Task description>
Once the line containing "have top k : topcoef" is found in the entries below, restate it and each following line word for word, stopping after the line containing "coefz bp d))".

Information given>
(* Let $f,\beta_{(-1)},\beta_{(0)},\beta_{(1)}\in\mathbb{C}[x]$ be nonzero polynomials satisfying \[ f(x+1)\beta_{(1)}(x)+f(x)\beta_{(0)}(x)+f(x-1)\beta_{(-1)}(x)=0. \] Let $d_{f}=\deg(f)$, $d=\max\{\deg(\beta_{(i)}) : i=-1,0,1\}$, and write $\beta_{(i)}(x)=\sum_{j=0}^{d}\beta_{(i)}^{(j)}x^{j}$ with $\beta_{(i)}^{(j)}\in\mathbb{C}$ (with the convention $\beta_{(i)}^{(j)}=0$ for $j<0$). Then: (1) $\beta_{(-1)}^{(d)}+\beta_{(0)}^{(d)}+\beta_{(1)}^{(d)}=0$; in particular at least two of the $\beta_{(i)}$ have degree $d$. (2) If $\beta_{(-1)}^{(d)}-\beta_{(1)}^{(d)}\neq0$, then \[ d_{f}=\frac{\beta_{(-1)}^{(d-1)}+\beta_{(0)}^{(d-1)}+\beta_{(1)}^{(d-1)}}{\beta_{(-1)}^{(d)}-\beta_{(1)}^{(d)}}; \] in particular this expression is a (nonnegative) integer. (3) If $\beta_{(-1)}^{(d)}-\beta_{(1)}^{(d)}=0$, then $\beta_{(-1)}^{(d)}+\beta_{(1)}^{(d)}\neq0$ and \[ \left(\beta_{(-1)}^{(d-2)}+\beta_{(0)}^{(d-2)}+\beta_{(1)}^{(d-2)}\right)+d_{f}\left(-\beta_{(-1)}^{(d-1)}+\beta_{(1)}^{(d-1)}\right)+\binom{d_{f}}{2}\left(\beta_{(-1)}^{(d)}+\beta_{(1)}^{(d)}\right)=0, \] which is a nontrivial quadratic equation in $d_{f}$. *)

From mathcomp Require Import all_boot all_algebra.
From mathcomp Require Import complex.
From mathcomp Require Import Rstruct.
Set Implicit Arguments. Unset Strict Implicit. Unset Printing Implicit Defensive.
Import GRing.Theory Num.Theory.
Local Open Scope ring_scope.

Definition CC : numClosedFieldType := (Rdefinitions.R)[i].

(* Degree of a polynomial (deg 0 = 0 by convention, irrelevant here). *)
Definition deg (p : {poly CC}) : nat := (size p).-1.

Definition coefz (p : {poly CC}) (j : int) : CC :=
  match j with Posz n => p`_n | Negz _ => 0 end.

Definition shift (p : {poly CC}) (c : CC) : {poly CC} := p \Po ('X + c%:P).

From mathcomp Require Import all_boot all_algebra.
From mathcomp Require Import complex.
From mathcomp Require Import Rstruct.
From mathcomp Require Import ring zify.
Set Implicit Arguments. Unset Strict Implicit. Unset Printing Implicit Defensive.
Import GRing.Theory Num.Theory.
Local Open Scope ring_scope.

(* Compare the coefficients of degrees d_f + d, d_f + d - 1 and d_f + d - 2 on
   both sides of the recurrence.  By Taylor's formula the top coefficients of
   f(x + c) are a_0, a_1 + c d_f a_0 and a_2 + c (d_f - 1) a_1 + c^2 C(d_f, 2) a_0,
   where a_k is the coefficient of x^(d_f - k) in f, so in each of the three
   equations the leading coefficient a_0 <> 0 factors out of the new terms.
   The first equation gives (1); the second gives
   d_f (beta_(-1)^(d) - beta_(1)^(d)) = sum_i beta_(i)^(d-1), hence (2); when
   beta_(-1)^(d) = beta_(1)^(d) the a_1 and a_2 terms of the third one vanish,
   leaving the quadratic relation (3). *)

Lemma add3_eq0_two_neq0 (V : zmodType) (x y z : V) :
  x + y + z = 0 -> [|| x != 0, y != 0 | z != 0] ->
  [|| (x != 0) && (y != 0), (x != 0) && (z != 0) | (y != 0) && (z != 0)].
Proof.
move/eqP; case: (x =P 0) => [-> | /eqP/negPf x_neq0];
  case: (y =P 0) => [-> | /eqP/negPf y_neq0]; case: (z =P 0) => [-> | /eqP/negPf z_neq0];
  by rewrite ?add0r ?addr0 ?eqxx ?x_neq0 ?y_neq0 ?z_neq0.
Qed.

Lemma add3_eq0_addr_neq0 (R : numDomainType) (x y z : R) :
  x + y + z = 0 -> x = z -> [|| x != 0, y != 0 | z != 0] -> x + z != 0.
Proof.
move=> xyz0 xz; rewrite -xz in xyz0 *; apply: contraL => /eqP xx0.
have : x *+ 2 == 0 by rewrite mulr2n xx0.
rewrite mulrn_eq0 => /eqP x0.
by move: xyz0; rewrite x0 add0r addr0 => ->; rewrite eqxx.
Qed.

Lemma comp_poly_XaddC_taylor (R : comNzRingType) (p : {poly R}) (c : R) n :
  (size p <= n)%N -> p \Po ('X + c%:P) = \sum_(i < n) p^`N(i) * (c ^+ i)%:P.
Proof.
move=> le_p_n; rewrite /comp_poly (nderiv_taylor_wide (n := n) (mulrC _ _)) ?size_map_polyC //.
by apply: eq_bigr => i _; rewrite nderivn_map rmorphXn -[_.['X]]/(_ \Po 'X) comp_polyXr.
Qed.

Lemma coef_comp_poly_XaddC (R : comNzRingType) (p : {poly R}) (c : R) m K :
  (size p <= m + K)%N ->
  (p \Po ('X + c%:P))`_m = \sum_(i < K) p`_(i + m) *+ 'C(i + m, i) * c ^+ i.
Proof.
move=> le_p_mK; rewrite (comp_poly_XaddC_taylor c le_p_mK) coef_sum.
rewrite (big_ord_widen (m + K) (fun i => p`_(i + m) *+ 'C(i + m, i) * c ^+ i))
  ?leq_addl // [RHS]big_mkcond; apply: eq_bigr => -[i /= _] _.
rewrite coefMC coef_nderivn; case: ltnP => // le_K_i.
rewrite nth_default ?mul0rn ?mul0r //.
by apply: leq_trans le_p_mK _; rewrite addnC leq_add2r.
Qed.

Lemma coefM_top (R : nzSemiRingType) (p q : {poly R}) N M k :
  (k <= N)%N -> (k <= M)%N -> (size p <= N.+1)%N -> (size q <= M.+1)%N ->
  (p * q)`_(N + M - k) = \sum_(i < k.+1) p`_(N - k + i) * q`_(M - i).
Proof.
move=> kN kM sp sq; rewrite coefM -(big_mkord xpredT (fun j => p`_j * q`_(N + M - k - j))).
rewrite (big_cat_nat _ (n := N - k)) //; last lia.
rewrite (big_cat_nat _ (m := N - k) (n := N.+1)) /=; [|lia|lia].
rewrite big1_seq => [|j /andP[_]]; last first.
  rewrite mem_index_iota => /andP[_ ltjNk].
  by rewrite (nth_default _ (leq_trans sq _)) ?mulr0 //; lia.
rewrite [X in _ + (_ + X)]big1_seq => [|j /andP[_]]; last first.
  by rewrite mem_index_iota => /andP[leNj _]; rewrite (nth_default _ (leq_trans sp leNj)) mul0r.
rewrite add0r addr0 -{1}(add0n (N - k)%N) big_addn big_mkord.
rewrite (_ : (N.+1 - (N - k) = k.+1)%N); last lia.
by apply: eq_bigr => i _; rewrite addnC; congr (_ * q`_ _); lia.
Qed.

Definition topcoef (p : {poly CC}) (N k : nat) : CC := coefz p (N%:Z - k%:Z).

Lemma topcoefE p N k : topcoef p N k = if (k <= N)%N then p`_(N - k) else 0.
Proof.
rewrite /topcoef; case: leqP => [/subzn -> // | ltNk].
by have [j ->] : exists j, N%:Z - k%:Z = Negz j by exists (k - N).-1; rewrite NegzE; lia.
Qed.

Lemma topcoefD p q N k : topcoef (p + q) N k = topcoef p N k + topcoef q N k.
Proof. by rewrite !topcoefE; case: ifP; rewrite ?coefD ?addr0. Qed.

Lemma topcoef0 N k : topcoef 0 N k = 0.
Proof. by rewrite topcoefE coef0; case: ifP. Qed.

Lemma deg_leqE p N : (deg p <= N)%N = (size p <= N.+1)%N.
Proof. by rewrite /deg -subn1 leq_subLR add1n. Qed.

Lemma deg_shift f c : deg (shift f c) = deg f.
Proof. by rewrite /deg /shift size_comp_poly2 ?size_XaddC. Qed.

Lemma topcoef_lead p : topcoef p (deg p) 0 = lead_coef p.
Proof. by rewrite topcoefE subn0 lead_coefE. Qed.

Lemma topcoef0_neq0 (b : {poly CC}) d : b != 0 -> (deg b <= d)%N ->
  (topcoef b d 0 != 0) = (deg b == d).
Proof.
move=> nz_b; rewrite leq_eqVlt => /orP[/eqP <- | lt_bd].
  by rewrite topcoef_lead lead_coef_eq0 nz_b eqxx.
rewrite topcoefE subn0 leq0n nth_default ?eqxx ?(ltn_eqF lt_bd) //.
by move: lt_bd; rewrite /deg; case: (size b).
Qed.

Lemma coefz_topcoef (p : {poly CC}) (N : nat) : coefz p N = topcoef p N 0.
Proof. by rewrite /topcoef subr0. Qed.

Lemma topcoef_mulXn p N j k : (j <= k)%N -> topcoef p N j = ('X^k * p)`_(N + k - j).
Proof.
move=> le_jk; rewrite topcoefE coefXnM.
case: leqP => le_jN; case: ltnP => //; try lia.
by move=> _; congr nth; lia.
Qed.

Lemma topcoef_mul p q N M k : (deg p <= N)%N -> (deg q <= M)%N ->
  topcoef (p * q) (N + M) k = \sum_(i < k.+1) topcoef p N (k - i) * topcoef q M i.
Proof.
rewrite !deg_leqE => sp sq.
have size_mulXk (r : {poly CC}) L :
    (size r <= L.+1)%N -> (size ('X^k * r)%R <= (L + k).+1)%N.
  by move=> sr; apply: leq_trans (size_polyMleq _ _) _; rewrite size_polyXn; lia.
rewrite (topcoef_mulXn _ _ (leq_addl k k)) exprD mulrACA.
rewrite (_ : (N + M + (k + k) - k = (N + k) + (M + k) - k)%N); last lia.
rewrite coefM_top ?leq_addl ?size_mulXk //; apply: eq_bigr => -[i /= lt_ik] _.
rewrite (topcoef_mulXn p N (leq_subr i k)) (topcoef_mulXn q M (lt_ik : i <= k)%N).
by congr (_`_ _ * _); lia.
Qed.

Lemma topcoef_shift f c n k : (deg f <= n)%N ->
  topcoef (shift f c) n k = \sum_(i < k.+1) topcoef f n (k - i) *+ 'C(n + i - k, i) * c ^+ i.
Proof.
rewrite deg_leqE topcoefE => sf; case: leqP => [le_kn | lt_nk].
  have sfk : (size f <= n - k + k.+1)%N by lia.
  rewrite /shift (coef_comp_poly_XaddC c sfk).
  apply: eq_bigr => -[i /= lt_ik] _; rewrite topcoefE ifT; last lia.
  by congr (f`_ _ *+ 'C(_, _) * _); lia.
rewrite big1 // => -[i /= lt_ik] _; rewrite topcoefE; case: leqP => [le_kin | _].
  by rewrite bin_small ?mulr0n ?mul0r //; lia.
by rewrite mul0rn mul0r.
Qed.

Section ThreeTermRecurrence.

Variables (f bm b0 bp : {poly CC}) (d : nat).
Hypotheses (dbm : (deg bm <= d)%N) (db0 : (deg b0 <= d)%N) (dbp : (deg bp <= d)%N).
Hypothesis recurrence : shift f 1 * bp + f * b0 + shift f (-1) * bm = 0.

Let n := deg f.
Let a k := topcoef f n k.
Let m k := topcoef bm d k.
Let z k := topcoef b0 d k.
Let p k := topcoef bp d k.
Let s k := m k + z k + p k.

Lemma recurrence_topcoefs :
  [/\ a 0 * s 0 = 0,
      a 0 * (s 1 + n%:R * (p 0 - m 0)) + a 1 * s 0 = 0
    & a 0 * (s 2 + n%:R * (- m 1 + p 1) + 'C(n, 2)%:R * (m 0 + p 0))
        + a 1 * (s 1 + n.-1%:R * (p 0 - m 0)) + a 2 * s 0 = 0].
Proof.
have top k : topcoef (shift f 1 * bp) (n + d) k + topcoef (f * b0) (n + d) k
    + topcoef (shift f (-1) * bm) (n + d) k = 0.
  by rewrite -!topcoefD recurrence topcoef0.
split; [move: (top 0%N) | move: (top 1%N) | move: (top 2%N)];
  rewrite !topcoef_mul ?deg_shift // !big_ord_recr !big_ord0 /=;
  rewrite !topcoef_shift // !big_ord_recr !big_ord0 /=;
  rewrite ?subn0 ?subnn ?subSS ?subn0 ?bin0 ?addnK ?bin1 ?addn1 ?subSS ?subn1;
  by move=> <-; rewrite /s /m /z /p /a; ring.
Qed.

Hypothesis nz_f : f != 0.

Lemma recurrence_topcoef_sums :
  [/\ s 0 = 0, s 1 = n%:R * (m 0 - p 0)
    & m 0 = p 0 -> s 2 + n%:R * (- m 1 + p 1) + 'C(n, 2)%:R * (m 0 + p 0) = 0].
Proof.
have [E0 E1 E2] := recurrence_topcoefs.
have cancel_a0 x : a 0 * x = 0 -> x = 0.
  by move/eqP; rewrite mulf_eq0 /a topcoef_lead lead_coef_eq0 (negPf nz_f) => /eqP.
have s0 := cancel_a0 _ E0.
have s1 : s 1 = n%:R * (m 0 - p 0).
  move: E1; rewrite s0 mulr0 addr0 => /cancel_a0/eqP; rewrite addr_eq0 => /eqP ->.
  by rewrite -mulrN opprB.
split=> // mp; apply: cancel_a0.
by move: E2; rewrite s0 s1 mp subrr !mulr0 !addr0 mulr0 addr0.
Qed.

End ThreeTermRecurrence.

Theorem lemma29 (f bm b0 bp : {poly CC}) :
  f != 0 -> bm != 0 -> b0 != 0 -> bp != 0 ->
  shift f 1 * bp + f * b0 + shift f (-1) * bm = 0 ->
  let df := deg f in
  let d : nat := maxn (deg bm) (maxn (deg b0) (deg bp)) in
  [/\ (coefz bm d + coefz b0 d + coefz bp d = 0
       /\ [|| (deg bm == d) && (deg b0 == d),
              (deg bm == d) && (deg bp == d) | (deg b0 == d) && (deg bp == d)]),
      (coefz bm d - coefz bp d != 0 ->
         df%:R = (coefz bm (d%:Z - 1) + coefz b0 (d%:Z - 1) + coefz bp (d%:Z - 1))
                 / (coefz bm d - coefz bp d))
    & (coefz bm d - coefz bp d = 0 ->
         coefz bm d + coefz bp d != 0 /\
         (coefz bm (d%:Z - 2) + coefz b0 (d%:Z - 2) + coefz bp (d%:Z - 2))
           + df%:R * (- coefz bm (d%:Z - 1) + coefz bp (d%:Z - 1))
           + ('C(df, 2))%:R * (coefz bm d + coefz bp d) = 0)].
Proof.
move=> nz_f nz_bm nz_b0 nz_bp rec df d.
have dbm : (deg bm <= d)%N by rewrite /d; lia.
have db0 : (deg b0 <= d)%N by rewrite /d; lia.
have dbp : (deg bp <= d)%N by rewrite /d; lia.
have [s0 s1 s2] := recurrence_topcoef_sums dbm db0 dbp rec nz_f.
have top_d : [|| deg bm == d, deg b0 == d | deg bp == d] by rewrite /d; lia.
rewrite -(topcoef0_neq0 nz_bm dbm) -(topcoef0_neq0 nz_b0 db0) -(topcoef0_neq0 nz_bp dbp)
  in top_d *.
rewrite !coefz_topcoef -!/(topcoef _ d 1) -!/(topcoef _ d 2).
split.
- by split=> //; apply: add3_eq0_two_neq0.
- by move=> nz_mp; rewrite s1 mulfK.
- by move=> /subr0_eq mp; split; [exact: add3_eq0_addr_neq0 s0 mp top_d | exact: s2].
Qed.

Task result>
have top k : topcoef (shift f 1 * bp) (n + d) k + topcoef (f * b0) (n + d) k
    + topcoef (shift f (-1) * bm) (n + d) k = 0.
  by rewrite -!topcoefD recurrence topcoef0.
split; [move: (top 0%N) | move: (top 1%N) | move: (top 2%N)];
  rewrite !topcoef_mul ?deg_shift // !big_ord_recr !big_ord0 /=;
  rewrite !topcoef_shift // !big_ord_recr !big_ord0 /=;
  rewrite ?subn0 ?subnn ?subSS ?subn0 ?bin0 ?addnK ?bin1 ?addn1 ?subSS ?subn1;
  by move=> <-; rewrite /s /m /z /p /a; ring.
Qed.

Hypothesis nz_f : f != 0.

Lemma recurrence_topcoef_sums :
  [/\ s 0 = 0, s 1 = n%:R * (m 0 - p 0)
    & m 0 = p 0 -> s 2 + n%:R * (- m 1 + p 1) + 'C(n, 2)%:R * (m 0 + p 0) = 0].
Proof.
have [E0 E1 E2] := recurrence_topcoefs.
have cancel_a0 x : a 0 * x = 0 -> x = 0.
  by move/eqP; rewrite mulf_eq0 /a topcoef_lead lead_coef_eq0 (negPf nz_f) => /eqP.
have s0 := cancel_a0 _ E0.
have s1 : s 1 = n%:R * (m 0 - p 0).
  move: E1; rewrite s0 mulr0 addr0 => /cancel_a0/eqP; rewrite addr_eq0 => /eqP ->.
  by rewrite -mulrN opprB.
split=> // mp; apply: cancel_a0.
by move: E2; rewrite s0 s1 mp subrr !mulr0 !addr0 mulr0 addr0.
Qed.

End ThreeTermRecurrence.

Theorem lemma29 (f bm b0 bp : {poly CC}) :
  f != 0 -> bm != 0 -> b0 != 0 -> bp != 0 ->
  shift f 1 * bp + f * b0 + shift f (-1) * bm = 0 ->
  let df := deg f in
  let d : nat := maxn (deg bm) (maxn (deg b0) (deg bp)) in
  [/\ (coefz bm d + coefz b0 d + coefz bp d = 0
       /\ [|| (deg bm == d) && (deg b0 == d),
              (deg bm == d) && (deg bp == d) | (deg b0 == d) && (deg bp == d)]),
      (coefz bm d - coefz bp d != 0 ->
         df%:R = (coefz bm (d%:Z - 1) + coefz b0 (d%:Z - 1) + coefz bp (d%:Z - 1))
                 / (coefz bm d - coefz bp d))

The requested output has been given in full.